Hm, I have to agree with Tom on this one. I can’t deny it’s quite an effective song in the earworm sense (I still remember most of the lyrics with surprising clarity), or that it’s technically impressive, but I still feel as I did then about the way it seems to go on and on and on forever…
I also have very little time for faux-sincerity, so I admit I’m biased against this sort of thing from the get-go. It just feels like a sermon of the wrong sort, where emoting is taken to indicate passion. It makes my inner frigid Brit deeply uncomfortable.
I was expecting to give this a reappraisal, to like it more than I did at the time after reading the early comments, but I’m disappointed. To me it sounds much closer to the impending boyband boom than it does to 50s doo wop or 70s sweet soul.
The production is flat as a pancake, and the imploring “boy” who handles the bridge sounds constipated. Also, it’s verrrrry long. Barely a four for me.
Every time I catch a glimpse of that sleeve at the top of the popular page, my mind tells me it’s a Nintendo DS game, and I have to look again to check. Obviously just a coincidence, but has anyone else had the same thought?
(Unless Nintendo DID nick the design….)
This kept Arrested Development’s People Everyday at no.2, a UK high water mark for ‘conscious rap’ (is that a genre?), while Bizarre Inc’s none-more-peppy I’m Gonna Get You was kept at no.3 by a Boyz/Tasmin one two.
I can’t see how the overegged vocals and bullying tactics of the Boyz remind anyone of the Chi Lites, but the NEXT Popular entry is an updated soul throwback of the highest order.
(I’m so impatient).
@46:
I assume that Chi-Lites comment was directed at me. It’s simply the bass spoken word section in this reminds me of “Have You Seen Her?” which is as far as I am concerned is equally overwrought lyrically as EOTR (though I will allow that the Chi-Lites has that peppy backing vocal going on which gives it a lightness that this lacks).

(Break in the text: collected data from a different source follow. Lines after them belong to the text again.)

Lemma span_sum (T : eqType) (r : seq T) (G : T -> fn q.+1) :
  (forall t, t \in r -> span F (G t)) -> span F (fun x => \sum_(t <- r) G t x).
Proof.
elim: r => [|t r IH] H.
  exists [ffun => 0] => x; rewrite big_nil big1 // => m _.
  by rewrite ffunE mul0r.
have H2 : span F (fun x => \sum_(t <- r) G t x).
  by apply: IH => t' tr; apply: H; rewrite inE tr orbT.
apply: span_ext (span_lin 1 1 (H t (mem_head _ _)) H2) => x.
by rewrite big_cons !mul1r.
Qed.

Lemma span_sum_partn (G : mpart q.+1 -> fn q.+1) :
  (forall m, is_partn m && oddp m -> span F (G m)) ->
  span F (fun x => \sum_(m | is_partn m && oddp m) G m x).
Proof.
move=> H.
apply: span_ext (span_sum (r := [seq m <- index_enum _ | is_partn m && oddp m]) _).
  by move=> x; rewrite big_filter.
by move=> m; rewrite mem_filter => /andP[Pm _]; apply: H.
Qed.

End SpanClosure.

Section TriangularBasis.
Variables (q : nat) (F : mpart q.+1 -> fn q.+1) (lead : mpart q.+1 -> rat).
Hypothesis F_tri :
  forall m, is_partn m && oddp m -> triangular (expv_of m) (lead m) (F m).
Hypothesis lead_nz : forall m, lead m != 0.

Lemma lower_term (m : mpart q.+1) (u : expv q) : is_partn m && oddp m ->
  weight u = weight (expv_of m) -> odd_parts u -> (plen (expv_of m) < plen u)%N ->
  [/\ is_partn (mpart_of u) && oddp (mpart_of u), (lenp m < lenp (mpart_of u))%N
    & forall x, pmon q.+1 u x = @pmp q.+1 q.+1 (mpart_of u) x].
Proof.
case/andP; rewrite is_partn_weight => /eqP wm _; rewrite wm => wu ou lu.
rewrite is_partn_mpart_of // oddp_odd_parts !lenp_plen !expv_of_mpart_of //.
by split=> // x; rewrite pmp_expv_of expv_of_mpart_of.
Qed.

Lemma F_inGamma (m : mpart q.+1) : is_partn m && oddp m -> inGamma (F m).
Proof.
move=> Pm; have [_ [s [Hs HF]]] := F_tri Pm.
have pm_span (u : expv q) : is_partn (mpart_of u) && oddp (mpart_of u) ->
    (forall x, pmon q.+1 u x = @pmp q.+1 q.+1 (mpart_of u) x) ->
    span (fun m => @pmp q.+1 q.+1 m) (pmon q.+1 u).
  by move=> Pu Eu; apply: span_ext (span_gen _ Pu) => x; rewrite Eu.
have lead_span : span (fun m => @pmp q.+1 q.+1 m) (pmon q.+1 (expv_of m)).
  by apply: pm_span => [|x]; rewrite ?mpart_of_expv_of // pmp_expv_of.
have tail_span : span (fun m => @pmp q.+1 q.+1 m)
                      (fun x => \sum_(p <- s) p.1 * pmon q.+1 p.2 x).
  apply: span_sum => p ps; apply: span_scale.
  by have [w o l] := Hs p ps; have [Pp _ Ep] := lower_term Pm w o l; apply: pm_span.
by apply: span_ext (span_lin (lead m) 1 lead_span tail_span) => x; rewrite HF mul1r.
Qed.

(* Each p_m is a combination of the F m': invert the triangular relation,
   by induction on q+1 - l(m). *)
Lemma pmp_in_span (m : mpart q.+1) :
  is_partn m && oddp m -> span F (@pmp q.+1 q.+1 m).
Proof.
suff key d : forall m, is_partn m && oddp m -> (q.+1 - lenp m < d)%N ->
    span F (@pmp q.+1 q.+1 m).
  by move=> Pm; apply: (key (q.+1 - lenp m).+1).
elim: d => // d IHd {}m Pm lt; have [_ [s [Hs HF]]] := F_tri Pm.
have tail_span : span F (fun x => \sum_(p <- s) p.1 * pmon q.+1 p.2 x).
  apply: span_sum => p ps; apply: span_scale.
  have [w o l] := Hs p ps; have [Pp lt1 Ep] := lower_term Pm w o l.
  apply: span_ext (IHd _ Pp _) => [x|]; first by rewrite Ep.
  by have := lenp_le_partn (proj1 (andP Pp)); lia.
apply: span_ext (span_lin (lead m)^-1 (- (lead m)^-1) (span_gen F Pm) tail_span).
by move=> x; rewrite HF pmp_expv_of; field; apply: lead_nz.
Qed.
Lemma exists_normalized_norm_optimal : exists N : 'rV[R]_n -> R, normalized_norm N /\
  (fixed_lip_width K gamma N <= lip_width K gamma n)%E.
Proof.
have [L_oo|L_lt_oo] := eqVneq (lip_width K gamma n) +oo%E.
  have hnorm : is_norm (fun y : 'rV[R]_n => `|y|).
    split=> [y|y|a y|y y'];
      [exact: normr_ge0 | exact: normr0_eq0 | exact: normrZ | exact: ler_normD].
  have [N normalized_N _] := normalized_norm_le_fixed_lip_width (leqnn n) hnorm.
  by exists N; rewrite L_oo leey.
pose D := [set s | (lip_width K gamma n < s)%E].
pose B s := [set N : 'rV[R]_n -> R | normalized_norm N /\ (fixed_lip_width K gamma N < s)%E].
have F_filter : Filter (filter_from D B).
  apply: filter_from_filter; first by exists +oo%E; rewrite /D /= ltey.
  move=> s t Ds Dt; exists (Order.min s t); first by rewrite /D /= lt_min Ds Dt.
  by move=> N [hN]; rewrite lt_min => /andP[].
have F_proper : ProperFilter (filter_from D B).
  by apply: filter_from_proper => s /exists_normalized_norm_lt[N]; exists N.
have F_normalized : \forall N \near filter_from D B, normalized_norm N.
  by exists +oo%E; [rewrite /D /= ltey | move=> N []].
have [N [normalized_N N_cluster]] := normalized_norm_cluster F_proper F_normalized.
exists N; split=> //; apply: lee_gt_EFin => s Ls; apply/lee_addgt0Pr => e e_gt0.
have [eta eta_gt0 width_le] := fixed_lip_width_le_close K gamma_ge0 _ e_gt0.
have F_Bs : filter_from D B (B s%:E) by exists s%:E.
have [N' [normalized_N' N'_lt] N_close] := N_cluster eta eta_gt0 _ F_Bs.
apply: le_trans (width_le _ _ _ normalized_N.1 normalized_N'.1 N_close) _.
by apply: leeD2r; apply: ltW.
Qed.

End LipWidth.

Theorem theorem3p3 (R : realType) (X : completeNormedModType R) (n : nat)
    (K : set X) (gamma : R) :
  (0 < n)%N -> compact K -> 0 < gamma ->
  exists N : 'rV[R]_n -> R,
    [/\ is_norm N,
        forall y : 'rV[R]_n,
          \big[Num.max/0]_(j < n) `|y ord0 j| <= N y /\
          N y <= \sum_(j < n) `|y ord0 j|
      & lip_width K gamma n = fixed_lip_width K gamma N].
Proof.
move=> n_gt0 _ gamma_gt0.
have [N [[hN N_bounds] N_le]] := exists_normalized_norm_optimal K (ltW gamma_gt0) n_gt0.
exists N; split=> //; apply/le_anti/andP; split=> //.
exact: lip_width_le_fixed.
Qed.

Just an aside, it’s a pleasure to participate and read these threads. I love my rugby but the comments sections in some of the other areas of the internet that I frequent this weekend have been pretty poisonous. At least differences of opinion here are civilly expressed.
Yes, sorry if that sounded sharp but I couldn’t remember who’d mentioned the Chi-Lites. Have You Seen Her’s butterfly harmonies, backing (that fuzz guitar!) and shrugging, self-deprecating spoken part are in a different league to the overwrought Boyz effort – but structurally I see what you mean.
I wanted to like B2M, for their preppiness and for the fact they had a song called Motownphilly, but then and now they sound like try-hards, lacking the gentle power and easy grace of Motown, Philly and Chi-sound.
I’m most intrigued to see what Cumbrian, Andy and Lex make of the next entry (and Tom, natch).
No harm, no foul, as far as I am concerned.